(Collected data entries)

Lemma nth_shift01 mu i : antitone_nth mu -> nth i (shift01 mu) 0 = nth i mu 0 - 1.
Proof.
  intro H. unfold shift01. rewrite nth_filter_pos; [apply nth_map_sub1|].
  intros j k Hjk. rewrite !nth_map_sub1. specialize (H j k Hjk). lia.
Qed.

Lemma diagram_shift10 mu : diagram mu -> diagram (shift10 mu).
Proof.
  intros [Hpos H]. split; [|apply antitone_nth_tl, H].
  destruct mu; simpl; [constructor|]. inversion Hpos; assumption.
Qed.

Lemma Forall_pos_shift01 mu : Forall (fun x => 0 < x) (shift01 mu).
Proof.
  apply Forall_forall. intros x Hx. apply filter_In in Hx as [_ Hx]. apply Nat.ltb_lt, Hx.
Qed.

Lemma diagram_shift01 mu : diagram mu -> diagram (shift01 mu).
Proof.
  intros [_ H]. split; [apply Forall_pos_shift01|].
  intros i j Hij. rewrite !nth_shift01 by exact H. specialize (H i j Hij). lia.
Qed.

Lemma sum_shift01 mu :
  Forall (fun x => 0 < x) mu -> list_sum (shift01 mu) + length mu = list_sum mu.
Proof.
  induction mu as [|x mu IH]; intro Hpos; [reflexivity|]. inversion Hpos; subst.
  unfold shift01 in *. simpl. destruct (Nat.ltb_spec 0 (x - 1)); simpl;
    rewrite <- IH by assumption; lia.
Qed.

Lemma shift01_shift10_comm mu :
  2 <= hd 0 mu -> shift10 (shift01 mu) = shift01 (shift10 mu).
Proof.
  destruct mu as [|x mu]; simpl; intro H; [lia|]. unfold shift01; simpl.
  destruct (Nat.ltb_spec 0 (x - 1)); [reflexivity|lia].
Qed.

Lemma sg_fuel_indep f1 f2 mu : Forall (fun x => 0 < x) mu ->
  list_sum mu <= f1 -> list_sum mu <= f2 -> sg_fuel f1 mu = sg_fuel f2 mu.
Proof.
  revert f2 mu. induction f1 as [|f1 IH]; intros f2 mu Hpos H1 H2.
  - destruct mu as [|x mu]; [destruct f2; reflexivity|]. inversion Hpos; simpl in H1; lia.
  - destruct f2 as [|f2].
    + destruct mu as [|x mu]; [reflexivity|]. inversion Hpos; simpl in H2; lia.
    + destruct mu as [|x mu]; [reflexivity|]. inversion Hpos; subst.
      pose proof (sum_shift01 (x :: mu) Hpos). simpl in *.
      unfold options. do 2 f_equal.
      * destruct (Nat.ltb 1 (length (x :: mu))); [|reflexivity].
        f_equal. apply IH; cbn [shift10 tl]; (assumption || lia).
      * destruct (Nat.ltb_spec 1 (hd 0 (x :: mu))); [|reflexivity].
        f_equal. apply IH; [apply Forall_pos_shift01|lia|lia].
Qed.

Directions.
Your answer must consist only of the lines from the start of the records above through the line with "intros [_ H].", each retyped exactly.

Task solution.
Lemma nth_shift01 mu i : antitone_nth mu -> nth i (shift01 mu) 0 = nth i mu 0 - 1.
Proof.
  intro H. unfold shift01. rewrite nth_filter_pos; [apply nth_map_sub1|].
  intros j k Hjk. rewrite !nth_map_sub1. specialize (H j k Hjk). lia.
Qed.

Lemma diagram_shift10 mu : diagram mu -> diagram (shift10 mu).
Proof.
  intros [Hpos H]. split; [|apply antitone_nth_tl, H].
  destruct mu; simpl; [constructor|]. inversion Hpos; assumption.
Qed.

Lemma Forall_pos_shift01 mu : Forall (fun x => 0 < x) (shift01 mu).
Proof.
  apply Forall_forall. intros x Hx. apply filter_In in Hx as [_ Hx]. apply Nat.ltb_lt, Hx.
Qed.

Lemma diagram_shift01 mu : diagram mu -> diagram (shift01 mu).
Proof.
  intros [_ H]. split; [apply Forall_pos_shift01|].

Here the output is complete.